▸ Problem statement: Report each line of the records below that uses the word "Hypotheses".

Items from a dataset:
—————

(* Let $m\geq1$ and let $\{\Lambda_i\}_{i\geq1}$ be an infinite family of proper lattices in $\mathbb{Z}^m$ that are pairwise coprime. Then there is an infinite set $\{i_k\}_{k\geq1}$ of indices such that the integers $[\mathbb{Z}^m:\Lambda_{i_k}]$, $k\geq1$, are pairwise coprime.
   Context: A lattice in $\mathbb{Z}^m$ is a subgroup of finite index; it is proper if it is not $\mathbb{Z}^m$. Proper lattices $\Lambda,\Lambda'$ are coprime if $\Lambda+\Lambda'=\mathbb{Z}^m$. *)

From HB Require Import structures.
From mathcomp Require Import all_boot all_order all_algebra.
Set Implicit Arguments. Unset Strict Implicit. Unset Printing Implicit Defensive.
Import GRing.Theory Num.Theory.
Local Open Scope ring_scope.

Definition subgroupZ (m : nat) (L : 'rV[int]_m -> Prop) : Prop :=
  L 0 /\ (forall x y, L x -> L y -> L (x - y)).

(* [Z^m : L] = n : there are exactly n cosets of L in Z^m, i.e. a complete
   irredundant system of n coset representatives. *)
Definition has_index (m : nat) (L : 'rV[int]_m -> Prop) (n : nat) : Prop :=
  exists f : 'I_n -> 'rV[int]_m,
    (forall x, exists i, L (x - f i)) /\
    (forall i j, L (f i - f j) -> i = j).

Definition lattice (m : nat) (L : 'rV[int]_m -> Prop) : Prop :=
  subgroupZ L /\ exists n : nat, has_index L n.

Definition proper_lattice (m : nat) (L : 'rV[int]_m -> Prop) : Prop :=
  lattice L /\ exists x, ~ L x.

Definition coprime_lattices (m : nat) (L L' : 'rV[int]_m -> Prop) : Prop :=
  forall x, exists a b, L a /\ L' b /\ x = a + b.

From mathcomp Require Import all_boot all_order all_algebra all_fingroup.
From mathcomp Require Import boolp.
Set Implicit Arguments. Unset Strict Implicit. Unset Printing Implicit Defensive.
Import GRing.Theory Num.Theory.
Local Open Scope ring_scope.

(* Fix a prime p and reduce modulo p. If [Z^m : L_i] is divisible by p, then L_i + pZ^m is
   proper: otherwise multiplication by p permutes the cosets of L_i, some p^e - 1 kills
   Z^m / L_i, and the index divides (p^e - 1)^m. But if L_i and L_j (i <> j) had the same
   image in (Z/p)^m, coprimality would give L_i + pZ^m = Z^m. So only finitely many indices
   are divisible by p, one for each of the finitely many subsets of (Z/p)^m, and a greedy
   choice yields a subsequence with pairwise coprime indices. *)

Section ResidueRow.
Variables m k : nat.

Definition res_row (x : 'rV[int]_m) : {ffun 'I_m -> 'I_k.+1} :=
  [ffun j => inord `|(x ord0 j %% k.+1%:Z)%Z|%N].
Definition lift_res (v : {ffun 'I_m -> 'I_k.+1}) : 'rV[int]_m :=
  \row_j (v j : nat)%:Z.
Definition quo_row (x : 'rV[int]_m) : 'rV[int]_m :=
  \row_j (x ord0 j %/ k.+1%:Z)%Z.

Lemma res_row_divz_eq x : x = lift_res (res_row x) + k.+1%:Z *: quo_row x.
Proof.
apply/rowP => j; rewrite !mxE ffunE.
have mod_ge0 : (0 <= x ord0 j %% k.+1%:Z)%Z by rewrite modz_ge0.
have mod_lt : (x ord0 j %% k.+1%:Z < k.+1%:Z)%Z by rewrite ltz_pmod.
rewrite inordK; last by rewrite -ltz_nat gez0_abs.
by rewrite gez0_abs // addrC mulrC -divz_eq.
Qed.

Lemma lift_resK : cancel lift_res res_row.
Proof.
move=> v; apply/ffunP => j; rewrite ffunE mxE modz_small; last first.
  by rewrite lez_nat ltz_nat ltn_ord.
by apply/val_inj; rewrite /= inordK.
Qed.

Lemma res_rowDZ x y : res_row (x + k.+1%:Z *: y) = res_row x.
Proof. by apply/ffunP => j; rewrite !ffunE !mxE addrC mulrC modzMDl. Qed.

Lemma eq_res_row_sub x y :
  res_row x = res_row y -> x - y = k.+1%:Z *: (quo_row x - quo_row y).
Proof.
move=> e; rewrite {1}(res_row_divz_eq x) {1}(res_row_divz_eq y) e.
by rewrite scalerBr opprD addrACA subrr add0r.
Qed.

End ResidueRow.

Section Subgroup.
Variables (m : nat) (L : 'rV[int]_m -> Prop).
Hypothesis L_sub : subgroupZ L.

Lemma subgroupZ0 : L 0. Proof. by case: L_sub. Qed.

Lemma subgroupZB x y : L x -> L y -> L (x - y).
Proof. by case: L_sub => _; apply. Qed.

Lemma subgroupZN x : L x -> L (- x).
Proof. by move=> Lx; rewrite -sub0r; apply: subgroupZB => //; apply: subgroupZ0. Qed.

Lemma subgroupZD x y : L x -> L y -> L (x + y).
Proof. by move=> Lx Ly; rewrite -[y]opprK; apply: subgroupZB => //; apply: subgroupZN. Qed.

Lemma subgroupZZ (z : int) x : L x -> L (z *: x).
Proof.
move=> Lx; have Ln (n : nat) : L (n%:Z *: x).
  elim: n => [|n IH]; first by rewrite scale0r; apply: subgroupZ0.
  by rewrite -[n.+1]addn1 PoszD scalerDl scale1r; apply: subgroupZD.
by case: z => n; rewrite ?NegzE ?scaleNr; [|apply: subgroupZN].
Qed.

End Subgroup.

Section CosetCounting.
Variables (m n : nat) (L : 'rV[int]_m -> Prop) (f : 'I_n -> 'rV[int]_m).
Hypotheses (L_sub : subgroupZ L) (f_cover : forall x, exists i, L (x - f i))
  (f_uniq : forall i j, L (f i - f j) -> i = j).

Lemma has_index_gt0 : (0 < n)%N.
Proof. by have [i _] := f_cover 0; apply: leq_ltn_trans (ltn_ord i). Qed.

Lemma coset_rep_uniq x i j : L (x - f i) -> L (x - f j) -> i = j.
Proof.
move=> Li Lj; apply: f_uniq.
have -> : f i - f j = (x - f j) - (x - f i) by rewrite opprB [in RHS]addrC addrA subrK.
exact: subgroupZB.
Qed.

Variable k : nat.
Hypothesis L_scale : forall y, L (k.+1%:Z *: y).

Lemma sub_lift_res_row x : L (lift_res (res_row k x) - x).
Proof.
rewrite {2}(res_row_divz_eq k x) opprD addrA subrr add0r.
exact: subgroupZN.
Qed.

(* Every coset contains a residue vector, since k.+1 Z^m lies in L; translation by
   f j - f i, reduced mod k.+1, matches the residues of the cosets of f i and f j, so all
   n cosets hold the same number of the (k.+1)^m residues. *)
Let coset_of (v : {ffun 'I_m -> 'I_k.+1}) : 'I_n := projT1 (cid (f_cover (lift_res v))).
Let coset_ofP v : L (lift_res v - f (coset_of v)).
Proof. exact: projT2 (cid (f_cover (lift_res v))). Qed.

Let shift (i j : 'I_n) (v : {ffun 'I_m -> 'I_k.+1}) := res_row k (lift_res v + (f j - f i)).

Let shiftK i j : cancel (shift i j) (shift j i).
Proof.
move=> v; rewrite /shift; set y := lift_res v + (f j - f i).
have -> : lift_res (res_row k y) = y + k.+1%:Z *: - quo_row k y.
  by rewrite scalerN {2}(res_row_divz_eq k y) addrK.
by rewrite addrAC res_rowDZ -addrA -[f i - f j]opprB subrr addr0 lift_resK.
Qed.

Let coset_of_shift i j v : coset_of v = i -> coset_of (shift i j v) = j.
Proof.
move=> <-; apply: (coset_rep_uniq (coset_ofP _)).
set y := lift_res v + (f j - f (coset_of v)).
have -> : lift_res (shift (coset_of v) j v) - f j =
    (lift_res (res_row k y) - y) + (y - f j) by rewrite addrA subrK.
have -> : y - f j = lift_res v - f (coset_of v).
  by rewrite /y addrCA [_ - f j]addrC addKr.
by apply: (subgroupZD L_sub); [apply: sub_lift_res_row | apply: coset_ofP].
Qed.

Let card_coset_le i j : (#|[set v | coset_of v == i]| <= #|[set v | coset_of v == j]|)%N.
Proof.
rewrite -(card_imset _ (can_inj (shiftK i j))).
apply: subset_leq_card; apply/subsetP => w /imsetP [v].
by rewrite !inE => /eqP vi ->; rewrite (coset_of_shift j vi).
Qed.

Lemma index_dvd_expn : (n %| k.+1 ^ m)%N.
Proof.
have [i0 _] := f_cover 0.
have card_fibers : #|{ffun 'I_m -> 'I_k.+1}| =
    (\sum_(i < n) #|[set v | coset_of v == i]|)%N.
  rewrite -sum1_card (partition_big coset_of xpredT) //=.
  by apply: eq_bigr => i _; rewrite -sum1_card; apply: eq_bigl => v; rewrite inE.
rewrite (eq_bigr (fun _ => #|[set v | coset_of v == i0]|)) in card_fibers; last first.
  by move=> i _; apply/eqP; rewrite eqn_leq !card_coset_le.
rewrite sum_nat_const card_ord card_ffun !card_ord in card_fibers.
by rewrite card_fibers dvdn_mulr.
Qed.

End CosetCounting.

Section IndexCoprime.
Variables (m n p : nat) (L : 'rV[int]_m -> Prop) (f : 'I_n -> 'rV[int]_m).
Hypotheses (L_sub : subgroupZ L) (f_cover : forall x, exists i, L (x - f i))
  (f_uniq : forall i j, L (f i - f j) -> i = j).
Hypotheses (p_gt1 : (1 < p)%N)
  (L_scale_cover : forall x, exists a y, L a /\ x = a + p%:Z *: y).

Let mul_p_cover i : exists j, L (f i - p%:Z *: f j).
Proof.
have [a [y [La ->]]] := L_scale_cover (f i); have [j Lyj] := f_cover y.
exists j; rewrite -addrA -scalerBr.
by apply: subgroupZD => //; apply: subgroupZZ.
Qed.

(* [div_p] inverts multiplication by p on cosets; as a permutation of a finite set it has
   finite order e, so p ^ e - 1 annihilates Z^m / L. *)
Let div_p := projT1 (choice mul_p_cover).
Let div_pP i : L (f i - p%:Z *: f (div_p i)) := projT2 (choice mul_p_cover) i.

Let div_p_inj : injective div_p.
Proof.
move=> i j eq_ij; apply: f_uniq.
have -> : f i - f j = (f i - p%:Z *: f (div_p i)) - (f j - p%:Z *: f (div_p j)).
  by rewrite eq_ij opprB addrA subrK.
exact: subgroupZB (div_pP i) (div_pP j).
Qed.

Let sub_scale_expn e i : L (f i - p%:Z ^+ e *: f ((perm div_p_inj ^+ e)%g i)).
Proof.
elim: e i => [|e IH] i; first by rewrite expg0 perm1 expr0 scale1r subrr; apply: subgroupZ0.
rewrite expgSr permM permE; set j := (perm div_p_inj ^+ e)%g i.
have -> : f i - p%:Z ^+ e.+1 *: f (div_p j) =
    (f i - p%:Z ^+ e *: f j) + p%:Z ^+ e *: (f j - p%:Z *: f (div_p j)).
  by rewrite scalerBr scalerA -exprSr addrA subrK.
by apply: (subgroupZD L_sub); [apply: IH | apply: (subgroupZZ L_sub); apply: div_pP].
Qed.

Lemma exists_coprime_annihilator : exists N, coprime p N.+1 /\ forall y, L (N.+1%:Z *: y).
Proof.
set e := #[perm div_p_inj]%g.
have e_gt0 : (0 < e)%N := order_gt0 _.
have pe_gt1 : (1 < p ^ e)%N by rewrite -{1}(expn0 p) ltn_exp2l.
exists (p ^ e)%N.-2.
have -> : ((p ^ e).-2.+1 = (p ^ e).-1)%N by case: (p ^ e)%N pe_gt1 => [|[]].
split.
  rewrite coprime_sym; apply: (coprime_dvdr (dvdn_exp e_gt0 (dvdnn p))).
  exact: coprimePn (ltnW pe_gt1).
have L_coset i : L ((p ^ e)%N.-1%:Z *: f i).
  have := sub_scale_expn e i; rewrite expg_order perm1 => Li.
  rewrite (predn_int (ltnW pe_gt1)) -natz natrX natz scalerBl scale1r -opprB.
  exact: subgroupZN.
move=> y; have [i Lyi] := f_cover y.
by rewrite -(subrK (f i) y) scalerDr; apply: (subgroupZD L_sub); [apply: subgroupZZ|].
Qed.

Lemma index_coprime : coprime p n.
Proof.
have [N [copN L_scale]] := exists_coprime_annihilator.
exact: coprime_dvdr (index_dvd_expn L_sub f_cover f_uniq L_scale) (coprimeXr _ copN).
Qed.

End IndexCoprime.

Definition res_image m k (L : 'rV[int]_m -> Prop) : {set {ffun 'I_m -> 'I_k.+1}} :=
  [set v | `[< exists a, L a /\ res_row k a = v >]].

Lemma res_image_eq_cover m k (L L' : 'rV[int]_m -> Prop) :
  subgroupZ L -> coprime_lattices L L' -> res_image k L = res_image k L' ->
  forall x, exists a y, L a /\ x = a + k.+1%:Z *: y.
Proof.
move=> L_sub LL'_cop eq_im x; have [a [b [La [L'b ->]]]] := LL'_cop x.
have : res_row k b \in res_image k L' by rewrite inE; apply/asboolP; exists b.
rewrite -eq_im inE => /asboolP [c [Lc eq_res]].
exists (a + c), (quo_row k b - quo_row k c); split; first exact: subgroupZD.
by rewrite -eq_res_row_sub // addrACA subrr addr0.
Qed.

Lemma bounded_of_inj_finType (T : finType) (P : pred nat) (g : nat -> T) :
  {in P &, injective g} -> exists B, forall i, P i -> (i < B)%N.
Proof.
move=> g_inj.
have preimage t : exists i, (exists2 j, P j & g j = t) -> P i /\ g i = t.
  have [[i Pi git]|no_preimage] := pselect (exists2 j, P j & g j = t); first by exists i.
  by exists 0%N => /no_preimage.
have [h hP] := choice preimage.
exists (\max_t h t).+1 => i Pi; have [Phi ghi] := hP (g i) (ex_intro2 _ _ i Pi erefl).
by rewrite ltnS (g_inj _ _ Pi Phi (esym ghi)) leq_bigmax.
Qed.

Lemma bounded_index_dvd m (L : nat -> 'rV[int]_m -> Prop) (idx : nat -> nat) p :
  (forall i, subgroupZ (L i)) -> (forall i j, i <> j -> coprime_lattices (L i) (L j)) ->
  (forall i, has_index (L i) (idx i)) -> prime p ->
  exists B, forall i, (p %| idx i)%N -> (i < B)%N.
Proof.
move=> L_sub L_cop L_idx p_pr; have p_gt1 := prime_gt1 p_pr.
case: p p_gt1 p_pr => // k p_gt1 p_pr.
apply: (@bounded_of_inj_finType _ _ (fun i => res_image k (L i))) => i j.
rewrite !unfold_in /= => p_dvd _ eq_im.
have [//|neq_ij] := pselect (i = j); have [f [f_cover f_uniq]] := L_idx i.
have cover := res_image_eq_cover (L_sub i) (L_cop _ _ neq_ij) eq_im.
have := index_coprime (L_sub i) f_cover f_uniq p_gt1 cover.
by rewrite prime_coprime // p_dvd.
Qed.

Section CoprimeSubsequence.
Variable a : nat -> nat.
Hypotheses (a_gt0 : forall i, (0 < a i)%N)
  (a_dvd_bounded : forall p, prime p -> exists B, forall i, (p %| a i)%N -> (i < B)%N).

Let prime_bound p : exists B, prime p -> forall i, (p %| a i)%N -> (i < B)%N.
Proof.
by case: (boolP (prime p)) => [/a_dvd_bounded [B hB] | _]; [exists B | exists 0%N].
Qed.
Let B := projT1 (choice prime_bound).
Let BP p : prime p -> forall i, (p %| a i)%N -> (i < B p)%N := projT2 (choice prime_bound) p.

Lemma exists_coprime_after (N t : nat) : (0 < N)%N -> exists2 i, (t < i)%N & coprime (a i) N.
Proof.
move=> N_gt0; exists (maxn t (\max_(q < N.+1) B q)).+1; first by rewrite ltnS leq_maxl.
rewrite coprime_has_primes //; apply/hasPn => q; rewrite mem_primes => /and3P [q_pr _ q_dvdN].
have q_lt : (q < N.+1)%N by rewrite ltnS dvdn_leq.
rewrite /= mem_primes q_pr a_gt0 /=; apply/negP => /(BP q_pr); apply/negP; rewrite -leqNgt.
apply: leq_trans (leqnSn _); apply: leq_trans (leq_maxr _ _).
exact: (@leq_bigmax _ (fun q : 'I_N.+1 => B q) (Ordinal q_lt)).
Qed.

Lemma exists_coprime_subsequence : exists s : nat -> nat,
  (forall k l, k < l -> s k < s l)%N /\ (forall k l, k <> l -> coprime (a (s k)) (a (s l))).
Proof.
have next_ex (tN : nat * nat) :
    exists i, (tN.1 < i)%N /\ ((0 < tN.2)%N -> coprime (a i) tN.2).
  have [N0|N_gt0] := posnP tN.2; first by exists tN.1.+1; rewrite N0.
  by have [i t_lt cop] := exists_coprime_after tN.1 N_gt0; exists i.
have [next nextP] := choice next_ex.
(* The state after step k is (s k, a (s 0) * ... * a (s k)). *)
pose st := fix st k := if k is k'.+1
  then let i := next (st k') in (i, (st k').2 * a i)%N else (0%N, a 0%N).
pose s k := (st k).1; pose P k := (st k).2.
have P_gt0 k : (0 < P k)%N by elim: k => [|k IH]; rewrite /P /= ?muln_gt0 ?a_gt0 ?IH.
have s_lt k : (s k < s k.+1)%N := (nextP (st k)).1.
have s_cop k : coprime (a (s k.+1)) (P k) := (nextP (st k)).2 (P_gt0 k).
have dvd_P k l : (k <= l)%N -> (a (s k) %| P l)%N.
  elim: l => [|l IH]; first by rewrite leqn0 => /eqP ->.
  rewrite leq_eqVlt => /orP [/eqP -> | /IH k_dvd]; first exact: dvdn_mull.
  exact: dvdn_mulr.
have s_incr : {homo s : k l / (k < l)%N} := homo_ltn ltn_trans s_lt.
have cop_lt k l : (k < l)%N -> coprime (a (s k)) (a (s l)).
  case: l => // l; rewrite ltnS coprime_sym => le_kl.
  exact: coprime_dvdr (dvd_P _ _ le_kl) (s_cop l).
exists s; split => // k l neq_kl.
by case: (ltngtP k l) neq_kl => // [/cop_lt | /cop_lt]; rewrite // coprime_sym.
Qed.

End CoprimeSubsequence.

Local Close Scope ring_scope.

Theorem proposition3p16 (m : nat) (hm : (1 <= m)%N)
  (L : nat -> 'rV[int]_m -> Prop)
  (hproper : forall i, proper_lattice (L i))
  (hcop : forall i j, i <> j -> coprime_lattices (L i) (L j)) :
  exists (s : nat -> nat) (idx : nat -> nat),
    (forall k l, (k < l)%N -> (s k < s l)%N) /\
    (forall k, has_index (L (s k)) (idx k)) /\
    (forall k l, k <> l -> coprime (idx k) (idx l)).
Proof.
have L_sub i : subgroupZ (L i) by case: (hproper i) => [[]].
have index_ex i : exists n, has_index (L i) n by case: (hproper i) => [[]].
have [idx L_idx] := choice index_ex.
have idx_gt0 i : 0 < idx i.
  by have [f [f_cover _]] := L_idx i; apply: has_index_gt0 f_cover.
have [s [s_incr s_cop]] := exists_coprime_subsequence idx_gt0
  (fun p p_pr => bounded_index_dvd L_sub hcop L_idx p_pr).
by exists s, (fun k => idx (s k)).
Qed.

—————

▸ Response area:
Hypotheses (L_sub : subgroupZ L) (f_cover : forall x, exists i, L (x - f i))
Hypotheses (L_sub : subgroupZ L) (f_cover : forall x, exists i, L (x - f i))
Hypotheses (p_gt1 : (1 < p)%N)
Hypotheses (a_gt0 : forall i, (0 < a i)%N)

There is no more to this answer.